English actress (born 1988)

Holliday Clark Grainger (born 27 March 1988), also credited as Holly Grainger, is an English screen and stage actress. Some of her prominent roles are Kate Beckett in the BAFTA award-winning children's series Roger and the Rottentrolls, Lucrezia Borgia in the Showtime series The Borgias, Robin Ellacott in the BBC One crime drama Strike, Rachel Carey in the Peacock/BBC One conspiracy thriller The Capture, and Estella in Mike Newell's 2012 film adaptation of Charles Dickens' 1861 novel Great Expectations.

==Early life==
Grainger was born on 27 March 1988 in Didsbury, Manchester. Her maternal grandfather was Italian. Her first experience of acting was at the age of five when she was scouted for a BBC TV series. She appeared in many television shows and independent films as a child actress.

Grainger attended Parrs Wood High School from 1999 to 2006, and in 2007 began studying for a degree in English literature at the University of Leeds; however, she eventually opted for The Open University, as it allowed her to continue acting alongside her studies.

==Career==
Roles followed in Casualty, Doctors and Dalziel and Pascoe. Grainger played Megan Boothe in Where the Heart Is, Stacey Appleyard in Waterloo Road and Sophia in Merlin. In 2011, she appeared in the television series The Borgias, playing Lucrezia Borgia opposite Jeremy Irons as Pope Alexander VI. The series, created by Neil Jordan and shot in Hungary, ran for three seasons.

After her role as Emily in the film The Scouting Book for Boys (2009), she played one of the Rivers sisters opposite Mia Wasikowska and Michael Fassbender in Cary Fukunaga's 2011 retelling of Jane Eyre, and had a minor role in Bel Ami alongside Robert Pattinson and Uma Thurman. In June 2011, she was cast in the leading role of Estella in Mike Newell's film adaptation of Great Expectations, opposite Jeremy Irvine and Helena Bonham Carter. The movie, screened at Toronto International Film Festival 2012, had its European premiere as the closing night film of the BFI London Film Festival. She had a minor role in the 2012 film Anna Karenina as Baroness Shilton.
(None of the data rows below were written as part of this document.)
(* Let $U,V\subset\mathcal{A}_0$ be compact sets such that $U^T$ and $V^T$ are complete. Then the following are equivalent: (a) $U^{**}=V^{**}$; (b) $U^T=V^T$; (c) $U^*=V^*$.
   Context: $D=\{z:|z|<1\}$, $\overline D$ its closure. $\mathcal{A}$ is the space of functions $f(z)=\sum_{k\ge0}a_k(f)z^k$ analytic in $D$, with the topology of locally uniform convergence; $\mathcal{A}_0=\{f\in\mathcal{A}: a_0(f)=1\}$. $\mathcal{A}(\overline D)$ is the set of functions analytic in some disk $\{|z|<R\}$ with $R>1$, and $\mathcal{A}_0(\overline D)=\{g\in\mathcal{A}(\overline D):a_0(g)=1\}$. The Hadamard product is $(f*g)(z)=\sum_{k\ge0}a_k(f)a_k(g)z^k$. For $V\subset\mathcal{A}_0$, $V^*=\{g\in\mathcal{A}_0:(f*g)(z)\ne0 \ \forall z\in D,\ \forall f\in V\}$, $V^{**}=(V^* )^*$, and $V^T=\{g\in\mathcal{A}_0(\overline D): (f*g)(1)\ne0 \ \forall f\in V\}$. For $x\in\overline D$, $(P_xf)(z)=f(xz)$; a set $W$ is complete if $P_xf\in W$ for all $f\in W$, $x\in\overline D$. *)

From Stdlib Require Import Reals.
From Coquelicot Require Import Coquelicot.
Open Scope R_scope.

(* A power series f(z) = sum_k a_k z^k is represented by its coefficient
   sequence a : nat -> C.  Subsets of A are predicates on coefficient
   sequences. *)
Definition coeffs := nat -> C.

Fixpoint cpow (z : C) (n : nat) : C :=
  match n with O => RtoC 1 | S m => Cmult z (cpow z m) end.

Definition term (a : coeffs) (z : C) : nat -> C := fun k => Cmult (a k) (cpow z k).

(* f is analytic in D = {|z|<1}: its Taylor series converges on D *)
Definition in_A (a : coeffs) : Prop :=
  forall z : C, Cmod z < 1 -> ex_series (term a z).

Definition in_A0 (a : coeffs) : Prop := in_A a /\ a O = RtoC 1.

Definition in_AbarD (a : coeffs) : Prop :=
  exists R : R, 1 < R /\ forall z : C, Cmod z < R -> ex_series (term a z).

Definition in_AbarD0 (a : coeffs) : Prop := in_AbarD a /\ a O = RtoC 1.

Definition hadamard (a b : coeffs) : coeffs := fun k => Cmult (a k) (b k).

Definition nonzero_at (a : coeffs) (z : C) : Prop :=
  forall l : C, is_series (term a z) l -> l <> RtoC 0.

Definition dual (V : coeffs -> Prop) : coeffs -> Prop :=
  fun g => in_A0 g /\
    forall f, V f -> forall z : C, Cmod z < 1 -> nonzero_at (hadamard f g) z.

Definition dualT (V : coeffs -> Prop) : coeffs -> Prop :=
  fun g => in_AbarD0 g /\ forall f, V f -> nonzero_at (hadamard f g) (RtoC 1).

(* (P_x f)(z) = f(xz) : coefficients a_k x^k *)
Definition Px (x : C) (a : coeffs) : coeffs := fun k => Cmult (a k) (cpow x k).

Definition complete (W : coeffs -> Prop) : Prop :=
  forall f, W f -> forall x : C, Cmod x <= 1 -> W (Px x f).

Definition loc_unif_cvg (fs : nat -> coeffs) (f : coeffs) : Prop :=
  forall r : R, 0 < r < 1 -> forall eps : R, 0 < eps ->
  exists N : nat, forall n : nat, (N <= n)%nat ->
  forall z : C, Cmod z <= r ->
  forall l1 l2 : C, is_series (term (fs n) z) l1 -> is_series (term f z) l2 ->
  Cmod (Cminus l1 l2) < eps.

(* compactness in A (topology of locally uniform convergence; A is
   metrizable, so compactness = sequential compactness) *)
Definition compact_A (U : coeffs -> Prop) : Prop :=
  forall fs : nat -> coeffs, (forall n, U (fs n)) ->
  exists (phi : nat -> nat) (f : coeffs),
    (forall n, (phi n < phi (S n))%nat) /\ U f /\
    loc_unif_cvg (fun n => fs (phi n)) f.

Definition set_eq (U V : coeffs -> Prop) : Prop := forall f, U f <-> V f.

From Stdlib Require Import Reals Lra Lia Classical ClassicalEpsilon.
From Coquelicot Require Import Coquelicot.
Open Scope R_scope.

(* (a) <=> (c) is formal: for W in A_0 we have W in W** and duality reverses
   inclusions, so W*** = W*.  Since (f * P_x g)(z) = (f * g)(x z), a function g lies
   in U* exactly when P_z g lies in U^T for every |z| < 1, which gives (b) => (c).
   For (c) => (b), let g be in U^T.  Completeness of U^T says that f * g has no zero
   in the closed unit disk for f in U, and compactness of U pushes this to a disk
   |z| < rho with rho > 1: zeros of f_n * g approaching the closed disk would produce,
   via a limit f of the f_n, a zero of f * g in it.  The passage to the limit uses
   Cauchy estimates (obtained by averaging over roots of unity), which turn locally
   uniform convergence in D into uniform convergence of f_n * g on a disk of radius
   greater than 1.  Then P_s g is in U* = V* for some s > 1, and evaluating at 1/s
   shows that g is in V^T. *)

Lemma cpow_mult (x y : C) n : cpow (x * y) n = (cpow x n * cpow y n)%C.
Proof. induction n; simpl; [ring | rewrite IHn; ring]. Qed.

Lemma cpow_add (x : C) m n : cpow x (m + n) = (cpow x m * cpow x n)%C.
Proof. induction m; simpl; [ring | rewrite IHm; ring]. Qed.

Lemma cpow_pow (x : C) m n : cpow (cpow x m) n = cpow x (m * n).
Proof.
  induction n; simpl.
  - now rewrite Nat.mul_0_r.
  - rewrite IHn, <- cpow_add. f_equal. lia.
Qed.

Lemma cpow_1 n : cpow (RtoC 1) n = RtoC 1.
Proof. induction n; simpl; [reflexivity | rewrite IHn; ring]. Qed.

Lemma Cmod_cpow (x : C) n : Cmod (cpow x n) = Cmod x ^ n.
Proof. induction n; simpl; [apply Cmod_1 | now rewrite Cmod_mult, IHn]. Qed.

Lemma Cmod_RtoC (x : R) : 0 <= x -> Cmod (RtoC x) = x.
Proof. intros Hx. rewrite Cmod_R. now apply Rabs_pos_eq. Qed.

Lemma Cmod_sub_sym (x y : C) : Cmod (x - y) = Cmod (y - x).
Proof. rewrite <- Cmod_opp. f_equal. ring. Qed.

Lemma Cmod_sub_triangle (x y z : C) : Cmod (x - z) <= Cmod (x - y) + Cmod (y - z).
Proof. replace (x - z)%C with ((x - y) + (y - z))%C by ring. apply Cmod_triangle. Qed.

Lemma Cmod_le_Rabs_re_im (z : C) : Cmod z <= Rabs (fst z) + Rabs (snd z).
Proof.
  destruct z as [x y]. unfold Cmod; simpl.
  rewrite <- (sqrt_pow2 (Rabs x + Rabs y)) by (generalize (Rabs_pos x) (Rabs_pos y); lra).
  apply sqrt_le_1_alt.
  assert (Rabs x * Rabs x = x * x) by (rewrite <- Rabs_mult; apply Rabs_pos_eq; nra).
  assert (Rabs y * Rabs y = y * y) by (rewrite <- Rabs_mult; apply Rabs_pos_eq; nra).
  generalize (Rabs_pos x) (Rabs_pos y). nra.
Qed.

Lemma pow_eventually_lt c q eps : 0 <= q < 1 -> 0 < eps ->
  exists N, forall n, (N <= n)%nat -> c * q ^ n < eps.
Proof.
  intros Hq Heps.
  destruct (pow_lt_1_zero q ltac:(rewrite Rabs_pos_eq; lra) (eps / (Rabs c + 1)))
    as [N HN]; [apply Rdiv_lt_0_compat; generalize (Rabs_pos c); lra|].
  exists N. intros n Hn. specialize (HN n Hn).
  rewrite Rabs_pos_eq in HN by (apply pow_le; lra).
  assert (0 <= q ^ n) by (apply pow_le; lra).
  assert (Hc : c * q ^ n <= Rabs c * q ^ n) by (apply Rmult_le_compat_r; [lra | apply Rle_abs]).
  assert (q ^ n * (Rabs c + 1) < eps).
  { apply (Rmult_lt_compat_r (Rabs c + 1)) in HN; [|generalize (Rabs_pos c); lra].
    now replace (eps / (Rabs c + 1) * (Rabs c + 1)) with eps in HN by (field; generalize (Rabs_pos c); lra). }
  nra.
Qed.

Lemma le_of_le_plus_pow x y c q n0 : 0 <= q < 1 ->
  (forall n, (n0 <= n)%nat -> x <= y + c * q ^ n) -> x <= y.
Proof.
  intros Hq H. apply Rnot_lt_le. intros Hyx.
  destruct (pow_eventually_lt c q (x - y) Hq ltac:(lra)) as [N HN].
  specialize (HN (max N n0) ltac:(lia)). specialize (H (max N n0) ltac:(lia)). lra.
Qed.

(* [csum f n] is the sum of the first [n] terms, whereas Coquelicot's [sum_n f n] has [n + 1]. *)
Fixpoint csum (f : nat -> C) (n : nat) : C :=
  match n with O => RtoC 0 | S m => (csum f m + f m)%C end.

Lemma csum_ext f g n : (forall k, (k < n)%nat -> f k = g k) -> csum f n = csum g n.
Proof. induction n; intros H; simpl; [reflexivity | rewrite IHn, H; auto]. Qed.

Lemma csum_scal c f n : csum (fun k => c * f k)%C n = (c * csum f n)%C.
Proof. induction n; simpl; [ring | rewrite IHn; ring]. Qed.

Lemma csum_const_1 n : csum (fun _ => RtoC 1) n = RtoC (INR n).
Proof.
  induction n; [reflexivity|].
  cbn [csum]. rewrite IHn, S_INR, <- RtoC_plus. reflexivity.
Qed.

Lemma csum_norm_le f n M : (forall k, (k < n)%nat -> Cmod (f k) <= M) ->
  Cmod (csum f n) <= INR n * M.
Proof.
  induction n; intros H; cbn [csum].
  - rewrite Cmod_0. simpl. lra.
  - eapply Rle_trans; [apply Cmod_triangle|]. rewrite S_INR.
    assert (Cmod (csum f n) <= INR n * M) by auto.
    assert (Cmod (f n) <= M) by auto. lra.
Qed.

Lemma csum_single f n k : (k < n)%nat ->
  (forall m, (m < n)%nat -> m <> k -> f m = RtoC 0) -> csum f n = f k.
Proof.
  induction n; intros Hk H; [lia|]. simpl.
  destruct (Nat.eq_dec k n) as [->|Hkn].
  - assert (Z : forall p, (p <= n)%nat -> csum f p = RtoC 0).
    { induction p; intros Hp; simpl; [reflexivity|]. rewrite IHp, H by lia. ring. }
    rewrite Z by lia. ring.
  - rewrite IHn, (H n) by (auto; lia). ring.
Qed.

Lemma csum_geom (z : C) N : ((z - 1) * csum (cpow z) N = cpow z N - 1)%C.
Proof. induction N; simpl; [ring | rewrite Cmult_plus_distr_l, IHN; ring]. Qed.

Lemma sum_n_csum (a : nat -> C) n : sum_n a n = csum a (S n).
Proof.
  induction n.
  - rewrite sum_O. simpl. change (a O = RtoC 0 + a O)%C. ring.
  - rewrite sum_Sn, IHn. reflexivity.
Qed.
Section TensorDerive.
Variables (R : realType) (V : normedModType R).
Implicit Types (x v : V) (n p q l : nat).

Definition is_tderive n p l x v (F : V -> tensor R n p l)
    (dF : tensor R n p l) :=
  forall i a b, is_derive x v (fun y => F y i a b) (dF i a b).

Lemma is_tderive_tcoord n p l x v (F : V -> tensor R n p l) dF :
  is_derive x v (fun y => tcoord (F y)) (tcoord dF) <-> is_tderive x v F dF.
Proof.
rewrite is_derive_mxP; split=> [DF i a b | DF i].
  have := DF i (mxvec_index a b); rewrite mxE mxvecE.
  by apply: eq_is_derive => y; rewrite mxE mxvecE.
case/mxvec_indexP=> a b; rewrite mxE mxvecE.
by apply: eq_is_derive (DF i a b) => y; rewrite mxE mxvecE.
Qed.

Lemma is_tderive_unique n p l x v (F : V -> tensor R n p l) dF1 dF2 :
  is_tderive x v F dF1 -> is_tderive x v F dF2 -> dF1 = dF2.
Proof.
move=> DF1 DF2; apply: functional_extensionality_dep => i; apply/matrixP => a b.
by case: (DF1 i a b) => _ <-; case: (DF2 i a b).
Qed.

Lemma is_tderive_cst n p l x v (A : tensor R n p l) :
  is_tderive x v (fun=> A) tzero.
Proof.
move=> i a b; apply: (is_derive_eq (is_derive_cst (A i a b) x v)).
by rewrite mxE.
Qed.

Lemma is_tderiveD n p l x v (F G : V -> tensor R n p l) dF dG :
  is_tderive x v F dF -> is_tderive x v G dG ->
  is_tderive x v (fun y => tadd (F y) (G y)) (tadd dF dG).
Proof.
move=> DF DG i a b; rewrite /tadd mxE.
by apply: eq_is_derive (is_deriveD (DF i a b) (DG i a b)) => y; rewrite mxE.
Qed.

Lemma is_tderiveB n p l x v (F G : V -> tensor R n p l) dF dG :
  is_tderive x v F dF -> is_tderive x v G dG ->
  is_tderive x v (fun y => tsub (F y) (G y)) (tsub dF dG).
Proof.
move=> DF DG i a b; rewrite /tsub !mxE.
by apply: eq_is_derive (is_deriveB (DF i a b) (DG i a b)) => y; rewrite !mxE.
Qed.

Lemma is_tderiveZl n p l x v (g : V -> R) dg (A : tensor R n p l) :
  is_derive x v g dg -> is_tderive x v (fun y => tscale (g y) A) (tscale dg A).
Proof.
move=> Dg i a b; rewrite /tscale mxE mulrC.
by apply: eq_is_derive (is_deriveZ (A i a b) Dg) => y; rewrite mxE mulrC.
Qed.

Lemma is_tderive_ttr n p l x v (F : V -> tensor R n p l) dF :
  is_tderive x v F dF -> is_tderive x v (fun y => ttr (F y)) (ttr dF).
Proof.
move=> DF i a b; rewrite /ttr mxE.
by apply: eq_is_derive (DF (ord_neg i) b a) => y; rewrite mxE.
Qed.

Lemma is_tderive_tprod n p q l x v (F : V -> tensor R n p l)
    (G : V -> tensor R p q l) dF dG :
  is_tderive x v F dF -> is_tderive x v G dG ->
  is_tderive x v (fun y => tprod (F y) (G y))
                 (tadd (tprod dF (G x)) (tprod (F x) dG)).
Proof.
move=> DF DG i a b.
have D := is_derive_sum (fun j => is_derive_sum (fun c =>
  is_deriveM (DF (ord_sub i j) a c) (DG j c b))).
have value_eq : tadd (tprod dF (G x)) (tprod (F x) dG) i a b =
    \sum_j \sum_c (F x (ord_sub i j) a c *: dG j c b +
                   G x j c b *: dF (ord_sub i j) a c).
  rewrite /tadd mxE !tprodE -big_split; apply: eq_bigr => j _.
  rewrite -big_split; apply: eq_bigr => c _.
  by rewrite /= addrC [dF _ _ _ * _]mulrC.
rewrite value_eq; apply: eq_is_derive D => y.
by rewrite tprodE !fct_sumE; apply: eq_bigr => j _; rewrite fct_sumE.
Qed.

Lemma Ck_slices_tderivable n p l (F : V -> tensor R n p l) x v :
  Ck_slices 1 F -> exists dF, is_tderive x v F dF.
Proof.
move=> cF; exists (fun i => \matrix_(a, b) 'D_v (fun y => F y i a b) x).
move=> i a b.
by rewrite mxE; apply/derivableP/diff_derivable; case: (cF i a b).
Qed.

End TensorDerive.

Section RetractionDerivative.
Variable R : realType.

Lemma tangent_skew n p l (X V : tensor R n p l) : tangent X V ->
  tadd (tprod (ttr V) X) (tprod (ttr X) V) = tzero.
Proof.
move=> [g [Sg [<- /is_tderive_tcoord Dg]]].
have := is_tderive_tprod (is_tderive_ttr Dg) Dg.
rewrite (funext Sg : (fun t => tprod (ttr (g t)) (g t)) = fun=> tid).
by move/is_tderive_unique; apply; apply: is_tderive_cst.
Qed.

(* Differentiating [Retr_scale_cayley] at t = 0 avoids differentiating the
   t-inverse: -(W/2) X + R'(0) = (W/2) X. *)
Lemma is_tderive_Retr_scale n p l (X V : tensor R n p l) :
  is_tderive (0 : R) 1 (fun t => Retr X (tscale t V)) (tprod (Wten X V) X).
Proof.
pose F t := Retr X (tscale t V).
have [dF DF] : exists dF, is_tderive (0 : R) 1 F dF.
  apply: Ck_slices_tderivable; apply: Ck_slices_Retr.
    exact: Ck_slices_cst.
  by apply: Ck_slices_tscale; [exact: Ck_id | exact: Ck_slices_cst].
have F0 : F 0 = X.
  rewrite /F; have -> : tscale 0 V = tzero.
    by apply: functional_extensionality_dep => i; rewrite /tscale scale0r.
  exact: Retr0.
set W := tscale (1/2) (Wten X V).
have DW := is_tderiveZl W (is_derive_id (0 : R) 1).
have DL := is_tderive_tprod (is_tderiveB (is_tderive_cst (0 : R) 1 tid) DW) DF.
have DR := is_tderive_tprod (is_tderiveD (is_tderive_cst (0 : R) 1 tid) DW)
  (is_tderive_cst (0 : R) 1 X).
rewrite (funext (Retr_scale_cayley X V)) in DL.
suff <- : dF = tprod (Wten X V) X by [].
have := is_tderive_unique DL DR; rewrite F0 => /(congr1 (@bcirc _ _ _ _)).
rewrite !bcircD !bcircM !bcircB !bcircD !bcircZ bcirc1 !bcirc0.
rewrite scale1r scale0r sub0r add0r subr0 addr0 mul1mx mulmx0 addr0 mulNmx.
move=> /eqP; rewrite addrC subr_eq -mulmxDl -scalerDl -splitr scale1r -bcircM.
by move=> /eqP /bcirc_inj.
Qed.

Lemma is_derive_Retr_scale n p l (X V : tensor R n p l) :
  Stiefel X -> tangent X V ->
  is_derive (0 : R) 1 (fun t => tcoord (Retr X (tscale t V))) (tcoord V).
Proof.
move=> sX tV; apply/is_tderive_tcoord.
by have := is_tderive_Retr_scale X V; rewrite Wten_mulX ?tangent_skew.
Qed.

End RetractionDerivative.

Theorem mainTheorem7 (R : realType) (n p l : nat) (hnp : (p <= n)%N) :
  (* well defined: I - W_V/2 is t-invertible *)
  (forall X V : tensor R n p l, Stiefel X -> tangent X V ->
     tinvertible (tsub tid (tscale (1/2) (Wten X V)))) /\
  (* R maps TM into M *)
  (forall X V : tensor R n p l, Stiefel X -> tangent X V ->
     Stiefel (Retr X V)) /\
  (* smoothness: R is the restriction to TM of a smooth map on the ambient
     space of pairs (X, V) *)
  smooth (@Retr_coord R n p l) /\
  (* R_X(0_X) = X *)
  (forall X : tensor R n p l, Stiefel X -> Retr X tzero = X) /\
  (* D R_X(0_X) = id on T_X St *)
  (forall X V : tensor R n p l, Stiefel X -> tangent X V ->
     is_derive (0 : R) (1 : R) (fun t => tcoord (Retr X (tscale t V)))
               (tcoord V)).
Proof.
(* [hnp] only makes St(n,p,l) nonempty; none of the five claims needs it. *)
split; first by move=> X V _ _; apply: tinvertible_cayley.
split; first by move=> X V sX _; apply: Stiefel_Retr.
split; first exact: smooth_Retr_coord.
split; first by move=> X _; apply: Retr0.
exact: is_derive_Retr_scale.
Qed.
Lemma dot_mulmx m n (a : 'cV[R]_m) (M : 'M[R]_(m, n)) (q : 'cV[R]_n) :
  dot a (M *m q) = dot (M^T *m a) q.
Proof.
rewrite /dot; under eq_bigr do rewrite mxE big_distrr.
rewrite exchange_big /=; apply: eq_bigr => j _; rewrite !mxE mulr_suml.
by apply: eq_bigr => r _; rewrite !mxE mulrA [A in A * _]mulrC.
Qed.

End Euclidean.

Section Restriction.
Variables (R : realType) (n : nat).
Implicit Types (x u v w z : 'cV[R]_n) (O : {set 'I_n}).

Lemma restr_split x O : restr x O + restr x (~: O) = x.
Proof.
apply/matrixP => i j; rewrite (ord1 j) !mxE inE.
by case: (i \in O); rewrite ?addr0 ?add0r.
Qed.

Lemma supp_restr x O : supp (restr x O) \subset O.
Proof. by apply/subsetP => i; rewrite inE mxE; case: (i \in O); rewrite ?eqxx. Qed.

Lemma supp_hadam u w : supp (hadam u w) \subset supp w.
Proof. by apply/subsetP => i; rewrite !inE mxE; apply: contra => /eqP ->; rewrite mulr0. Qed.

Lemma sparse_sub q z (X : {set 'I_n}) :
  supp z \subset X -> (#|X| <= q)%N -> sparse q z.
Proof. by move=> zX Xq; rewrite /sparse (leq_trans (subset_leq_card zX)). Qed.

Lemma sqnorm_restr x O : sqnorm (restr x O) = \sum_(i in O) x i 0 ^+ 2.
Proof.
rewrite /sqnorm [RHS]big_mkcond /=; apply: eq_bigr => i _; rewrite mxE.
by case: (i \in O); rewrite ?expr0n.
Qed.

Lemma restr_subr_disjoint x u (S B : {set 'I_n}) :
  [disjoint B & S] -> restr (u - restr x S) B = restr u B.
Proof.
move=> BS; apply/matrixP => i j; rewrite (ord1 j) !mxE.
case iB: (i \in B) => //.
by rewrite (disjointFr BS iB) subr0.
Qed.

Lemma sum_sqr_topk v (T B : {set 'I_n}) :
  (#|B| <= #|T|)%N ->
  (forall i j, i \in T -> j \notin T -> `|v j 0| <= `|v i 0|) ->
  \sum_(i in B) v i 0 ^+ 2 <= \sum_(i in T) v i 0 ^+ 2.
Proof.
move=> BT topT.
rewrite (big_setID T) (big_setID B (A := T)) /= setIC lerD2l.
set F := fun i : 'I_n => v i 0 ^+ 2.
have cardD : (#|B :\: T| <= #|T :\: B|)%N.
  by move: BT; rewrite -(cardsID T B) -(cardsID B T) setIC; lia.
have [TB0 | [j0 j0TB]] := set_0Vmem (T :\: B).
  move: cardD; rewrite TB0 cards0 leqn0 cards_eq0 => /eqP ->.
  by rewrite !big_set0.
case: (arg_minP F j0TB) => i0 /setDP [i0T i0B] i0min.
have F_le i : i \in B :\: T -> F i <= F i0.
  case/setDP => _ iT; have := topT i0 i i0T iT.
  rewrite /F -(real_normK (num_real (v i 0))) -(real_normK (num_real (v i0 0))).
  by rewrite !expr2 => h; apply: ler_pM.
apply: (le_trans (ler_sum _ F_le)); rewrite sumr_const.
apply: (@le_trans _ _ (\sum_(i in T :\: B) F i0)); last exact: ler_sum.
by rewrite sumr_const ler_wpMn2l ?sqr_ge0.
Qed.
On stage, in 2013 she appeared in Disassociation, a play by Luke Bailey, at The Lowry in Salford. In the same year, she played Bonnie Parker in the 2013 TV mini-series Bonnie & Clyde. She was one of the female leads in the 2014 film The Riot Club, adapted from the play Posh, alongside Max Irons. In the same year, she appeared on stage in Anton Chekhov's play Three Sisters at the Southwark Playhouse. Grainger played Cinderella's stepsister Anastasia Tremaine in Kenneth Branagh's 2015 film version of Cinderella.

In 2016, Grainger starred in Disney's The Finest Hours. On 20 June 2016, World Refugee Day, Grainger, as well as Jack O'Connell, featured in a film from the United Nations' refugee agency UNHCR to help raise awareness of the global refugee crisis. The film, titled Home, has a family take a reverse migration into the middle of a war zone. It is inspired by primary accounts of refugees, and is part of UNHCR's #WithRefugees campaign, which also includes a petition to governments to expand asylum to provide further shelter, integrating job opportunities, and education. Home, written and directed by Daniel Mulloy, went on to win a BAFTA Award and a Gold Lion at Cannes Lions International Festival of Creativity among many other awards.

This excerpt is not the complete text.